Start of Block
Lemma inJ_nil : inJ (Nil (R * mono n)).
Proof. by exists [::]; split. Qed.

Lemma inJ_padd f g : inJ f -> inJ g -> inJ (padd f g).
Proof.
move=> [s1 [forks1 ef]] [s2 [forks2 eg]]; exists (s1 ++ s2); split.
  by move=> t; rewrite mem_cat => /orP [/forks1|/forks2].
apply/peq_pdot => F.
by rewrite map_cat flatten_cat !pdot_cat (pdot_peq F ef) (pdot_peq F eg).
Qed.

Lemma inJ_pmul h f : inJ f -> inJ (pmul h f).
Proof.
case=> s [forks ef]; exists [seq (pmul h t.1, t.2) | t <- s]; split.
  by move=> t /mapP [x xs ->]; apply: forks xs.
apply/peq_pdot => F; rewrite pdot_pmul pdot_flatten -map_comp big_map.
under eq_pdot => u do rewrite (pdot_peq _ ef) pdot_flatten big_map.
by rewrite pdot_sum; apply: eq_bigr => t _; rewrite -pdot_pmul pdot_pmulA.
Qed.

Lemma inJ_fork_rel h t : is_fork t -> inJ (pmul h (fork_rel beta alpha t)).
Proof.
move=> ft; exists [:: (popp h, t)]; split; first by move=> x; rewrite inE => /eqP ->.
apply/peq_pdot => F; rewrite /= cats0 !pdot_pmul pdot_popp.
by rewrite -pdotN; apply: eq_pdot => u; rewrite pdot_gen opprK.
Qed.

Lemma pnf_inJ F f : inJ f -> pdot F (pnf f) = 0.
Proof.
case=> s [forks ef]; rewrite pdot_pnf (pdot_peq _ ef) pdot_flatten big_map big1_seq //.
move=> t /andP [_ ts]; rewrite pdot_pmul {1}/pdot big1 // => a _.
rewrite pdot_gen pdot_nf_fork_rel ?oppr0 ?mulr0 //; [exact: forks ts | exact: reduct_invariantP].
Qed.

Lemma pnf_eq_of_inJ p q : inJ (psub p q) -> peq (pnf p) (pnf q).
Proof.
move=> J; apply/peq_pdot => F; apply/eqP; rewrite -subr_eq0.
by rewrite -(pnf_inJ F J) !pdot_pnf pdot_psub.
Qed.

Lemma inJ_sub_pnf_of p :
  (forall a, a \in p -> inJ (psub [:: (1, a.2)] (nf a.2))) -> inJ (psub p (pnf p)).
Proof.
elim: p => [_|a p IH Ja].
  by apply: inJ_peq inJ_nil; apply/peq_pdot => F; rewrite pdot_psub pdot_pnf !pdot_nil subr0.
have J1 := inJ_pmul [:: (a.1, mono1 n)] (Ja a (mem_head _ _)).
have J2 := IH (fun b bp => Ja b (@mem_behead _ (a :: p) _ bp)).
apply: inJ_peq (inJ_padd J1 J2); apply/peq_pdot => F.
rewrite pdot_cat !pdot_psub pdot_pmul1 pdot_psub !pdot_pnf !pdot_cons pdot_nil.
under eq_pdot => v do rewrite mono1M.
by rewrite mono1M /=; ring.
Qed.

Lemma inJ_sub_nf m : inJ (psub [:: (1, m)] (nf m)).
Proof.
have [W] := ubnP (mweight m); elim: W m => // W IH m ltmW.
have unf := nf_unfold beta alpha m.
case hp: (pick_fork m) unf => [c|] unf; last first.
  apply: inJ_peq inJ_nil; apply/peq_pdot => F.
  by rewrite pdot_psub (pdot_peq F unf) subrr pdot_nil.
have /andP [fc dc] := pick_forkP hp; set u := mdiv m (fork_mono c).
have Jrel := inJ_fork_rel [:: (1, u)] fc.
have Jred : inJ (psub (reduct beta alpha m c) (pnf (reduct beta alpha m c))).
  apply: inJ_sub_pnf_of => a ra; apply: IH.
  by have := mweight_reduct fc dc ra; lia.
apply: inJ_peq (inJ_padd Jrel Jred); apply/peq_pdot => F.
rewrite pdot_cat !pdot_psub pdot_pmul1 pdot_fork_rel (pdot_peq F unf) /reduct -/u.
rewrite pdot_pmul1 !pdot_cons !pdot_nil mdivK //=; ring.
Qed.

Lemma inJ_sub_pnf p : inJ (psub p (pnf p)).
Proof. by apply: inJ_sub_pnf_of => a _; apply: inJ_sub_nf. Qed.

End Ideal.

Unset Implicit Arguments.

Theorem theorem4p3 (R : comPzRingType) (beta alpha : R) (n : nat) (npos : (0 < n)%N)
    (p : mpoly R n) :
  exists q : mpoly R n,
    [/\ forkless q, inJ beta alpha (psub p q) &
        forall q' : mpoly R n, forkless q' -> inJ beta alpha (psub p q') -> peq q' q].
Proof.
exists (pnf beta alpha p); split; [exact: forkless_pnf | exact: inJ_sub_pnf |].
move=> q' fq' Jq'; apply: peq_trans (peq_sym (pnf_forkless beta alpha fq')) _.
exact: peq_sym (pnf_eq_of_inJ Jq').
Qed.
End of Block
Start of Block
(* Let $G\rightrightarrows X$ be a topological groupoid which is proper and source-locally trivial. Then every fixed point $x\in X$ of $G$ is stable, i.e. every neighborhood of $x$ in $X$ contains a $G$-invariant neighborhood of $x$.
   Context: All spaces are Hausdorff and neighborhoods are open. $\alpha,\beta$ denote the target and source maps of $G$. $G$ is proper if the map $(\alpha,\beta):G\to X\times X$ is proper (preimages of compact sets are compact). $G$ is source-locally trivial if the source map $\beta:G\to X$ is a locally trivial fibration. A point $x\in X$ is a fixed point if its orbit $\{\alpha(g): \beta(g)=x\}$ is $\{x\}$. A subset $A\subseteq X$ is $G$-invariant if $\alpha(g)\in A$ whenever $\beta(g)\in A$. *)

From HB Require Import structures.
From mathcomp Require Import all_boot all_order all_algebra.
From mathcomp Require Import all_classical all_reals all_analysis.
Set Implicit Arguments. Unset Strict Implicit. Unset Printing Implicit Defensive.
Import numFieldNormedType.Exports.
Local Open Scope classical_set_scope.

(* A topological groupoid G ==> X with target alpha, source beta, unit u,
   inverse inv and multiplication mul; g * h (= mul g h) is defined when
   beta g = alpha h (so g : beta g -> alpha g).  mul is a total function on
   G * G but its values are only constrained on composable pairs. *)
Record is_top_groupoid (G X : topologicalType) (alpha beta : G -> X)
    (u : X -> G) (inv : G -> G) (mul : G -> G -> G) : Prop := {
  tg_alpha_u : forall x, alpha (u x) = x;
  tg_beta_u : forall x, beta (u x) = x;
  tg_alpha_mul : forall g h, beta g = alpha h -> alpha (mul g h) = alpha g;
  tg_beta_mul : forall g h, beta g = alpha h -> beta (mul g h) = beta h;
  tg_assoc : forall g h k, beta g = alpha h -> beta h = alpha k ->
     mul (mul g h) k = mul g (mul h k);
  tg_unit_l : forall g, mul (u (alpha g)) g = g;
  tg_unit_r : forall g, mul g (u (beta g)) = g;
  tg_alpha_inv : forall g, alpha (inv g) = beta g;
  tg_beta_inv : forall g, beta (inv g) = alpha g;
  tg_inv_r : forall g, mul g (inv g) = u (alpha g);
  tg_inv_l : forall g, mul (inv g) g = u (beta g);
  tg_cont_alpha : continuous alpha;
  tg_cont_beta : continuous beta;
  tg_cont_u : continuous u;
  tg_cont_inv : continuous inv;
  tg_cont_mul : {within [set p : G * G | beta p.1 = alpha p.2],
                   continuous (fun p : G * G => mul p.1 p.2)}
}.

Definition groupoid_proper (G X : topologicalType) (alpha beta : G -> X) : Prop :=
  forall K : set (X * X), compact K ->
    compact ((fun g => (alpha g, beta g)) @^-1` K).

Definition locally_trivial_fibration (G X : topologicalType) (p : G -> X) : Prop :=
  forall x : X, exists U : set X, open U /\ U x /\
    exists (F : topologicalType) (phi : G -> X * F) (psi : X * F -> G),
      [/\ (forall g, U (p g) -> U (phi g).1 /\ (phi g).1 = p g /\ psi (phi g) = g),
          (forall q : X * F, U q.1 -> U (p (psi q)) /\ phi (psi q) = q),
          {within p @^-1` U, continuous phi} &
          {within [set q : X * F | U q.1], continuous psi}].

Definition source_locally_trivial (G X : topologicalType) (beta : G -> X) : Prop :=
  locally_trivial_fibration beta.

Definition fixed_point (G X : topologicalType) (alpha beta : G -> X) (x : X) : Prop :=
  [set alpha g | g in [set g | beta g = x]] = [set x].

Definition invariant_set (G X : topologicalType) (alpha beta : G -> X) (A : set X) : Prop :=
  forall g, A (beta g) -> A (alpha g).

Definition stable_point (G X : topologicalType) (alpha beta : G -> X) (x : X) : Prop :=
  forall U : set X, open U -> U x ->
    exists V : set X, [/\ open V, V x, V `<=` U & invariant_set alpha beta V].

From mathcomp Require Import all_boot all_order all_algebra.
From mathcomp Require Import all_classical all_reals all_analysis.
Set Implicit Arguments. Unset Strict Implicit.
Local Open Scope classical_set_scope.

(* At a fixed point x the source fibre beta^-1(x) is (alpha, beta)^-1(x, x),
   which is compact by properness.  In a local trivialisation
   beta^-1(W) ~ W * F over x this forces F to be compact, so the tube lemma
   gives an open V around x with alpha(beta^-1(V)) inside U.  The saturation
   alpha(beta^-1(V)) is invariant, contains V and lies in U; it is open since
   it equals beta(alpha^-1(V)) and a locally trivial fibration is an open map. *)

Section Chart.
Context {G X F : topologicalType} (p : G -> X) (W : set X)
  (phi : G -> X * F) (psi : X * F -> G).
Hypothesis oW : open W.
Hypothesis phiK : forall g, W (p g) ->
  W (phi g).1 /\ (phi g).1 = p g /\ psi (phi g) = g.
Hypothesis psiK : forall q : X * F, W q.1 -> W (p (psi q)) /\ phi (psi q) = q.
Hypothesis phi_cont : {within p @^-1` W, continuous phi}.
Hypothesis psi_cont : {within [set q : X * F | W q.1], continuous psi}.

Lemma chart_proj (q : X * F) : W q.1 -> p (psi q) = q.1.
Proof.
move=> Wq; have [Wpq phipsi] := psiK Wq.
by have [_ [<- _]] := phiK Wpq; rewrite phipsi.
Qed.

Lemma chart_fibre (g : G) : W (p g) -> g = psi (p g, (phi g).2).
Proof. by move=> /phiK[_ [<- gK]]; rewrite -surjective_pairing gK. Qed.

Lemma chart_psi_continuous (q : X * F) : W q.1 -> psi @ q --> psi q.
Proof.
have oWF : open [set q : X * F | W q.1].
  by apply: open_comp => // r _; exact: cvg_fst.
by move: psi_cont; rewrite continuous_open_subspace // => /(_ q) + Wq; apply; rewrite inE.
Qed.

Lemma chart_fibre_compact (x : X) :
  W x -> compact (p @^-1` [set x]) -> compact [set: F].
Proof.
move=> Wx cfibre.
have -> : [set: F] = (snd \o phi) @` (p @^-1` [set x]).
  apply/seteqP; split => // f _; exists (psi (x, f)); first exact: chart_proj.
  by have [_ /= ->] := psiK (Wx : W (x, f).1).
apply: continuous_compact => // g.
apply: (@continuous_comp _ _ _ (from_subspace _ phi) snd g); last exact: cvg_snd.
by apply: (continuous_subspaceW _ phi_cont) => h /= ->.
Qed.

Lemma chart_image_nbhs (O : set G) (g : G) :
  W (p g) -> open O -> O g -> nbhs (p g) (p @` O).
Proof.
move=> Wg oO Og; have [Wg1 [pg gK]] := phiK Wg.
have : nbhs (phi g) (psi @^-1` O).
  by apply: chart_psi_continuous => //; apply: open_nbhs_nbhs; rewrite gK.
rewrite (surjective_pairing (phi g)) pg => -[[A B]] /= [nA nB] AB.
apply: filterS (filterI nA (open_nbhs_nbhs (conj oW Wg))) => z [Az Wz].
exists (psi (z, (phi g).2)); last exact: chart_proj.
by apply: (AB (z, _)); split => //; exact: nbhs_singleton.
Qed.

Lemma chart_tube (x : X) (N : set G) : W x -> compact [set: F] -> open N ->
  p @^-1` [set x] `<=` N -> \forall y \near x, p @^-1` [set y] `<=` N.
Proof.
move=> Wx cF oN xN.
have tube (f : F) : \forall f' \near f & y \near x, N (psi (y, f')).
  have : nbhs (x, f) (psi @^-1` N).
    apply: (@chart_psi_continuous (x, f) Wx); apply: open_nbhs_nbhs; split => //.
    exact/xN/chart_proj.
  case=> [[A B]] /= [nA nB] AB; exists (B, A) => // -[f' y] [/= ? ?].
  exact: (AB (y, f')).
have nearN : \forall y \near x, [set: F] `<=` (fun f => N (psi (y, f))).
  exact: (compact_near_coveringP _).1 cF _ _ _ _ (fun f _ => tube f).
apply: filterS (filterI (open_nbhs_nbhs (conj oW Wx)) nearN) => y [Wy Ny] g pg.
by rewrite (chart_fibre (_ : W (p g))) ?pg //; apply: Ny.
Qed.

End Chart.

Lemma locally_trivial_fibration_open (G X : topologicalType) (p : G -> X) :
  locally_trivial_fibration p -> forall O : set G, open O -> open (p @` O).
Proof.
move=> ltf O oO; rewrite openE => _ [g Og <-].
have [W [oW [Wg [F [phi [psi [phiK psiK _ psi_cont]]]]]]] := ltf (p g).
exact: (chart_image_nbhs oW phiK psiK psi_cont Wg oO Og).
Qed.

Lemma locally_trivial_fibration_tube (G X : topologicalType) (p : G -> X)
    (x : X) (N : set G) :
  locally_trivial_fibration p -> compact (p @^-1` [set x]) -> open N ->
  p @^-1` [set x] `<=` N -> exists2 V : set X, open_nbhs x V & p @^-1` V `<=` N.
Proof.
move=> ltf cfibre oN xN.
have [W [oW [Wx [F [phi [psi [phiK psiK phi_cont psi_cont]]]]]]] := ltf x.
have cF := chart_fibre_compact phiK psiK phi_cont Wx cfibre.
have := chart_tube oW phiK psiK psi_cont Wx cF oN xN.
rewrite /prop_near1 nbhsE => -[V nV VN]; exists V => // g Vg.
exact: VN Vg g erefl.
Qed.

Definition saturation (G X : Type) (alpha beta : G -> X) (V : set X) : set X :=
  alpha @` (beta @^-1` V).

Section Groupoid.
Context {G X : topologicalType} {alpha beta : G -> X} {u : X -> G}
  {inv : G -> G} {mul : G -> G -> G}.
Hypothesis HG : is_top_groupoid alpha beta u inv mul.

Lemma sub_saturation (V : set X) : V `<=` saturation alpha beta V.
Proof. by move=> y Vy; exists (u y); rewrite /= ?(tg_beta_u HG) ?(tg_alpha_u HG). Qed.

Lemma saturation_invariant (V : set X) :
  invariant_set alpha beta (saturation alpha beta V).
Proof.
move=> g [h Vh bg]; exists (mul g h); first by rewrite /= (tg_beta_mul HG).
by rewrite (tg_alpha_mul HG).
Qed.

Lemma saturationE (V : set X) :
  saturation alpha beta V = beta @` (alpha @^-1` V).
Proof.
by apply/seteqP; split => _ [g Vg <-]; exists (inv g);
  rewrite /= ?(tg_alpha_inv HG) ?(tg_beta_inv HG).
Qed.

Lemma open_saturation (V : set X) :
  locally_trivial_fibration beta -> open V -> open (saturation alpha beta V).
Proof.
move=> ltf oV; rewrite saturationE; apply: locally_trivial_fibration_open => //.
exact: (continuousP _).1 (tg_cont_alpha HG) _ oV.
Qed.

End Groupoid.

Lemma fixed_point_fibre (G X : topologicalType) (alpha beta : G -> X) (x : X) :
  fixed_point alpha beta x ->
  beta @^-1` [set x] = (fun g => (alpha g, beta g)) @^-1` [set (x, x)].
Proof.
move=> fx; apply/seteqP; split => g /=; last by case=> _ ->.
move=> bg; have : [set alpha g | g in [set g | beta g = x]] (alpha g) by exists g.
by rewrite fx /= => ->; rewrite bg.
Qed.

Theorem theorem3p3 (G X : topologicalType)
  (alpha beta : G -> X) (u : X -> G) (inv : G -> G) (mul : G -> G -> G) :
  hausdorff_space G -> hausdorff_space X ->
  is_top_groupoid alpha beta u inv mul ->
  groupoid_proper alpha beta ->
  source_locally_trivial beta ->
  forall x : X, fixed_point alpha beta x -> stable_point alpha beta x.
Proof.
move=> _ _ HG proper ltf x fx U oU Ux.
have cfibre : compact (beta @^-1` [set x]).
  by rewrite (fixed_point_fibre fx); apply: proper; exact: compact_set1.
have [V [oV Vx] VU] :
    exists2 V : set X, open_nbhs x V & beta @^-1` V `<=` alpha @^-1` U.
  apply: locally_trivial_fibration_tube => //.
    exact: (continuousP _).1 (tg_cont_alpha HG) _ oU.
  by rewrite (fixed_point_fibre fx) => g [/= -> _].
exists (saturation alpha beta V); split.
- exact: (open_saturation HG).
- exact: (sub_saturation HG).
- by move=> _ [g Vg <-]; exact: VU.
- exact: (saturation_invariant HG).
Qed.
End of Block
**TASK ITEM:** Among the entries, find every line holding "Arguments" and return it.

**REPLY TO THE TASK:**
Unset Implicit Arguments.
Set Implicit Arguments. Unset Strict Implicit. Unset Printing Implicit Defensive.
Set Implicit Arguments. Unset Strict Implicit.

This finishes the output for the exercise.